Mobile device management uses a subset of what device profiles allow for,
along with additional external tooling.

They're similar, but the thread you linked to is about MDM, not device
profiles in general.

Deploying a device profile is akin to accepting a self signed certificate.
When it's of your own generation, it's probably fine, if someone else has done
it, you should question what's happening and whether or not it's right for you
to accept it or not.

------
bobwaycott
_INSTRUCTIONS—For those who wish to do this on their own without downloading
and installing a third-party 's profile to their device(s) (and have a Mac):_

1\. Download Apple Configurator 2 from the Mac App Store.
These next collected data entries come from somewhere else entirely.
(* For a coupled relation $\mathcal{R}$ let $\mathcal{R}^C=\left(\mathcal{R}_1^\star,\ \mathcal{R}_2\langle\mathcal{R}_1^\star\rangle\cup\mathcal{R}_1^\star\right)$. Then: (a) for all coupled relations $\mathcal{R},\mathcal{S}$ with $\mathcal{R}\subseteq\mathcal{S}$ and $\mathcal{R}\rightarrowtail\mathcal{S}$, we have $\mathcal{R}^C\subseteq\mathcal{S}^C$ and $\mathcal{R}^C\rightarrowtail\mathcal{S}^C$; (b) if $\mathcal{R}$ is a coupled relation with $\mathcal{R}\rightarrowtail\mathcal{R}^C$, then $\mathcal{R}$ is contained (componentwise) in some call-by-name coupled logical bisimulation; (c) if $\mathcal{R}$ is a call-by-name coupled logical bisimulation, then so is $\mathcal{R}^C$.
   Context: $\Lambda^\bullet$ is the set of closed $\lambda$-terms. Contexts are generated by $C::=x\mid[\cdot]\mid C\,C\mid\lambda x.C$, possibly with several holes numbered left to right; $C[\widetilde M]$ fills the $i$-th hole with $M_i$. For $\mathcal{R}\subseteq\Lambda^\bullet\times\Lambda^\bullet$, $\mathcal{R}^\star=\{(C[\widetilde M],C[\widetilde N]) : C\text{ a context},\ M_i\,\mathcal{R}\,N_i\ \forall i,\ C[\widetilde M],C[\widetilde N]\in\Lambda^\bullet\}$. For relations $\mathcal{R},\mathcal{R}'$ on $\Lambda^\bullet$, $\mathcal{R}\langle\mathcal{R}'\rangle=\{(E M_1\cdots M_k,\ F N_1\cdots N_k) : k\ge0,\ E\,\mathcal{R}\,F,\ M_i\,\mathcal{R}'\,N_i\ \forall i\}$ (application associating to the left). A coupled relation is a pair $(\mathcal{R}_1,\mathcal{R}_2)$ of relations on $\Lambda^\bullet$ with $\mathcal{R}_1\subseteq\mathcal{R}_2$; inclusion is componentwise. Call-by-name reduction on closed terms: $MN\longrightarrow M'N$ if $M\longrightarrow M'$, and $(\lambda x.P)N\longrightarrow P[N/x]$; $\Longrightarrow$ is its reflexive transitive closure. For coupled relations $\mathcal{R},\mathcal{S}$, $\mathcal{R}\rightarrowtail\mathcal{S}$ holds iff whenever $M\,\mathcal{R}_2\,N$: (i) if $M\longrightarrow M'$ then $N\Longrightarrow N'$ for some $N'$ with $M'\,\mathcal{S}_2\,N'$; (ii) if $M=\lambda x.P$ then $N\Longrightarrow\lambda x.Q$ for some $Q$ such that $P[X/x]\,\mathcal{S}_2\,Q[Y/x]$ for all $X\,\mathcal{R}_1^\star\,Y$; (iii) the same conditions with $M$ and $N$ exchanged. A coupled relation $\mathcal{R}$ is a (call-by-name) coupled logical bisimulation iff $\mathcal{R}\rightarrowtail\mathcal{R}$. *)

From Stdlib Require Import Arith List.
Import ListNotations.

Inductive term : Type :=
| Var : nat -> term
| App : term -> term -> term
| Lam : term -> term.

Fixpoint closed_at (k : nat) (t : term) : Prop :=
  match t with
  | Var n => n < k
  | App a b => closed_at k a /\ closed_at k b
  | Lam a => closed_at (S k) a
  end.

Definition closed (t : term) : Prop := closed_at 0 t.

Fixpoint lift (k : nat) (t : term) : term :=
  match t with
  | Var n => if n <? k then Var n else Var (S n)
  | App a b => App (lift k a) (lift k b)
  | Lam a => Lam (lift (S k) a)
  end.

Fixpoint subst (k : nat) (N : term) (t : term) : term :=
  match t with
  | Var n => if n =? k then N else if k <? n then Var (pred n) else Var n
  | App a b => App (subst k N a) (subst k N b)
  | Lam a => Lam (subst (S k) (lift 0 N) a)
  end.

(* P[N/x] for the body P of λx.P *)
Definition subst0 (P N : term) : term := subst 0 N P.

Inductive step : term -> term -> Prop :=
| step_app : forall M M' N, step M M' -> step (App M N) (App M' N)
| step_beta : forall P N, step (App (Lam P) N) (subst0 P N).

Definition steps : term -> term -> Prop := Relation_Operators.clos_refl_trans term step.

(* multi-hole contexts; holes numbered left to right *)
Inductive ctx : Type :=
| CVar : nat -> ctx
| CHole : ctx
| CApp : ctx -> ctx -> ctx
| CLam : ctx -> ctx.

Fixpoint nholes (C : ctx) : nat :=
  match C with
  | CVar _ => 0
  | CHole => 1
  | CApp C1 C2 => nholes C1 + nholes C2
  | CLam C1 => nholes C1
  end.

Fixpoint fill (C : ctx) (l : list term) : term :=
  match C with
  | CVar n => Var n
  | CHole => hd (Var 0) l
  | CApp C1 C2 => App (fill C1 (firstn (nholes C1) l)) (fill C2 (skipn (nholes C1) l))
  | CLam C1 => Lam (fill C1 l)
  end.

Definition rel := term -> term -> Prop.

Definition star (R : rel) : rel := fun X Y =>
  exists (C : ctx) (Ms Ns : list term),
    length Ms = nholes C /\ Forall2 R Ms Ns /\
    X = fill C Ms /\ Y = fill C Ns /\ closed X /\ closed Y.

Definition apps (E : term) (l : list term) : term := fold_left App l E.

Definition hrel (R R' : rel) : rel := fun X Y =>
  exists E F Ms Ns, R E F /\ Forall2 R' Ms Ns /\ X = apps E Ms /\ Y = apps F Ns.

Definition runion (R R' : rel) : rel := fun X Y => R X Y \/ R' X Y.

Definition rincl (R R' : rel) : Prop := forall X Y, R X Y -> R' X Y.

Record crel : Type := mkCrel { c1 : rel; c2 : rel }.

Definition rel_on_closed (R : rel) : Prop := forall X Y, R X Y -> closed X /\ closed Y.

Definition coupled (R : crel) : Prop :=
  rincl (c1 R) (c2 R) /\ rel_on_closed (c1 R) /\ rel_on_closed (c2 R).

Definition cincl (R S : crel) : Prop := rincl (c1 R) (c1 S) /\ rincl (c2 R) (c2 S).

Definition progress (R S : crel) : Prop :=
  forall M N, c2 R M N ->
    (forall M', step M M' -> exists N', steps N N' /\ c2 S M' N') /\
    (forall P, M = Lam P -> exists Q, steps N (Lam Q) /\
        forall X Y, star (c1 R) X Y -> c2 S (subst0 P X) (subst0 Q Y)) /\
    (forall N', step N N' -> exists M', steps M M' /\ c2 S M' N') /\
    (forall Q, N = Lam Q -> exists P, steps M (Lam P) /\
        forall X Y, star (c1 R) X Y -> c2 S (subst0 P X) (subst0 Q Y)).

Definition coupled_logical_bisim (R : crel) : Prop := coupled R /\ progress R R.

Definition closureC (R : crel) : crel :=
  mkCrel (star (c1 R)) (runion (hrel (c2 R) (star (c1 R))) (star (c1 R))).

(* R^C_2 relates two shapes of closed terms: E M~ and F N~ with E R_2 F and
   arguments related by R_1^*, and pairs in R_1^*. Call-by-name reduction
   preserves both. In E M~ a step either reduces the head E, answered by
   R >-> S, or is a beta-step at a lambda head, whose instantiated body is
   again answered by R >-> S. A pair in R_1^* is, along its head spine, either
   of the first shape or has related lambda heads, and then the beta-reduct
   stays in R_1^* because contexts are closed under substitution. The
   right-to-left clauses of >-> follow by applying this to the converse
   relations. For (b) take B = R^C, using (R^C)^C_2 <= R^C_2 (nested argument
   lists concatenate); (c) is (a) with S = R. *)

From Stdlib Require Import Arith List Lia Relations.
Import ListNotations.

Inductive ctx_clos (R : rel) : rel :=
| ctx_clos_rel : forall X Y, R X Y -> ctx_clos R X Y
| ctx_clos_var : forall n, ctx_clos R (Var n) (Var n)
| ctx_clos_app : forall a b c d,
    ctx_clos R a c -> ctx_clos R b d -> ctx_clos R (App a b) (App c d)
| ctx_clos_lam : forall a c, ctx_clos R a c -> ctx_clos R (Lam a) (Lam c).

Lemma Forall2_firstn_skipn (A B : Type) (R : A -> B -> Prop) l l' n :
  Forall2 R l l' -> Forall2 R (firstn n l) (firstn n l') /\ Forall2 R (skipn n l) (skipn n l').
Proof.
  intros H; revert n; induction H; intros [|n]; simpl; auto.
  destruct (IHForall2 n); split; auto.
Qed.

Lemma firstn_length_app (A : Type) (l1 l2 : list A) : firstn (length l1) (l1 ++ l2) = l1.
Proof. induction l1; simpl; f_equal; auto. Qed.

Lemma skipn_length_app (A : Type) (l1 l2 : list A) : skipn (length l1) (l1 ++ l2) = l2.
Proof. induction l1; simpl; auto. Qed.

Lemma ctx_clos_fill R C Ms Ns :
  length Ms = nholes C -> Forall2 R Ms Ns -> ctx_clos R (fill C Ms) (fill C Ns).
Proof.
  revert Ms Ns; induction C; intros Ms Ns Hlen HF; simpl in *.
  - apply ctx_clos_var.
  - destruct HF; simpl in Hlen; [lia | apply ctx_clos_rel; auto].
  - destruct (Forall2_firstn_skipn _ _ _ _ _ (nholes C1) HF).
    apply ctx_clos_app.
    + apply IHC1; auto. rewrite length_firstn; lia.
    + apply IHC2; auto. rewrite length_skipn; lia.
  - apply ctx_clos_lam; auto.
Qed.

Lemma ctx_clos_fill_inv R X Y : ctx_clos R X Y -> exists C Ms Ns,
  length Ms = nholes C /\ Forall2 R Ms Ns /\ X = fill C Ms /\ Y = fill C Ns.
Proof.
  induction 1 as [X Y H | n | a b c d _ (C1 & M1 & N1 & L1 & F1 & -> & ->)
                                  _ (C2 & M2 & N2 & L2 & F2 & -> & ->)
                 | a c _ (C & Ms & Ns & L & F & -> & ->)].
  - exists CHole, [X], [Y]; auto.
  - exists (CVar n), [], []; auto.
  - assert (L1' : length N1 = nholes C1)
      by (rewrite <- L1; symmetry; eapply Forall2_length; eauto).
    exists (CApp C1 C2), (M1 ++ M2), (N1 ++ N2); simpl; repeat split.
    + rewrite length_app; lia.
    + apply Forall2_app; auto.
    + rewrite <- L1, firstn_length_app, skipn_length_app; auto.
    + rewrite <- L1', firstn_length_app, skipn_length_app; auto.
  - exists (CLam C), Ms, Ns; auto.
Qed.

Lemma star_ctx_clos R X Y : star R X Y <-> ctx_clos R X Y /\ closed X /\ closed Y.
Proof.
  split.
  - intros (C & Ms & Ns & L & F & -> & -> & cX & cY). auto using ctx_clos_fill.
  - intros (H & cX & cY).
    destruct (ctx_clos_fill_inv _ _ _ H) as (C & Ms & Ns & L & F & EX & EY).
    exists C, Ms, Ns; repeat split; auto.
Qed.

Lemma star_closed R X Y : star R X Y -> closed X /\ closed Y.
Proof. rewrite star_ctx_clos; tauto. Qed.

Lemma lift_closed_at t n k : closed_at n t -> n <= k -> lift k t = t.
Proof.
  revert n k; induction t; simpl; intros n0 k H Hk.
  - destruct (Nat.ltb_spec n k); auto; lia.
  - destruct H; f_equal; eauto.
  - f_equal; apply (IHt (S n0)); auto; lia.
Qed.

Lemma subst_closed_at t n k N : closed_at n t -> n <= k -> subst k N t = t.
Proof.
  revert n k N; induction t; simpl; intros n0 k N H Hk.
  - destruct (Nat.eqb_spec n k); [lia|]. destruct (Nat.ltb_spec k n); auto; lia.
  - destruct H; f_equal; eauto.
  - f_equal; apply (IHt (S n0)); auto; lia.
Qed.

Lemma closed_at_lift t n k : closed_at n t -> closed_at (S n) (lift k t).
Proof.
  revert n k; induction t; simpl; intros n0 k H.
  - destruct (Nat.ltb_spec n k); simpl; lia.
  - destruct H; split; eauto.
  - apply IHt; auto.
Qed.

Lemma closed_at_subst t n k N :
  k <= n -> closed_at (S n) t -> closed_at n N -> closed_at n (subst k N t).
Proof.
  revert n k N; induction t; simpl; intros n0 k N Hk H HN.
  - destruct (Nat.eqb_spec n k); auto. destruct (Nat.ltb_spec k n); simpl; lia.
  - destruct H; split; eauto.
  - apply IHt; auto using closed_at_lift; lia.
Qed.

Lemma closed_subst0 P X : closed (Lam P) -> closed X -> closed (subst0 P X).
Proof. apply closed_at_subst; auto. Qed.

Lemma apps_app E Ms Ns : apps E (Ms ++ Ns) = apps (apps E Ms) Ns.
Proof. apply fold_left_app. Qed.

Lemma closed_apps E Ms : closed (apps E Ms) <-> closed E /\ Forall closed Ms.
Proof.
  revert E; induction Ms; simpl; intros E.
  - split; [auto | tauto].
  - unfold apps in *; simpl; rewrite IHMs, Forall_cons_iff. unfold closed; simpl; tauto.
Qed.

Lemma step_closed M M' : step M M' -> closed M -> closed M'.
Proof.
  unfold closed; induction 1; simpl; intros [cM cN]; [split; auto | apply closed_subst0; auto].
Qed.

Lemma step_apps Ms E E' : step E E' -> step (apps E Ms) (apps E' Ms).
Proof. revert E E'; induction Ms; simpl; intros; auto using step. Qed.

Lemma steps_apps Ms E E' : steps E E' -> steps (apps E Ms) (apps E' Ms).
Proof.
  induction 1; [apply rt_step, step_apps; auto | apply rt_refl | eapply rt_trans; eauto].
Qed.

Lemma step_apps_beta P X Ms : step (apps (Lam P) (X :: Ms)) (apps (subst0 P X) Ms).
Proof. exact (step_apps Ms _ _ (step_beta P X)). Qed.

Lemma apps_step_inv Ms E M' : step (apps E Ms) M' ->
  (exists E', step E E' /\ M' = apps E' Ms) \/
  (exists P X Ms', E = Lam P /\ Ms = X :: Ms' /\ M' = apps (subst0 P X) Ms').
Proof.
  revert E M'; induction Ms as [|X Ms IH]; simpl; intros E M' H.
  - left; eauto.
  - destruct (IH _ _ H) as [(E' & HE & ->) | (P & X' & Ms' & HE & _)]; [|discriminate].
    inversion HE; subst; [left | right]; eauto 6.
Qed.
2\. Open the app, plug in your iOS device, and click on it to activate working
on it.

3\. Command+N to create a new Profile.

4\. Under General, fill out the mandatory info (only name is required).

5\. Click Restrictions, then click Configure. Un-check the 10th top-level
checkbox that says "Allow server-side logging of Siri commands". Take a look
at other things you'd like to control.

6\. Command+S to save the profile. Close the window.

7\. Click on Profiles in left sidebar. Click Add Profiles. Select the profile
you just saved. Ensure your device is unlocked, and it will be added to your
device.

8\. Go into Settings app on your device. There will be an entry at the top
that says "Profile Downloaded". Tap into that and select to install the
profile.

------
hprotagonist
"curl some rando's plist" still gives me the willies, honestly. And i know
it's just XML!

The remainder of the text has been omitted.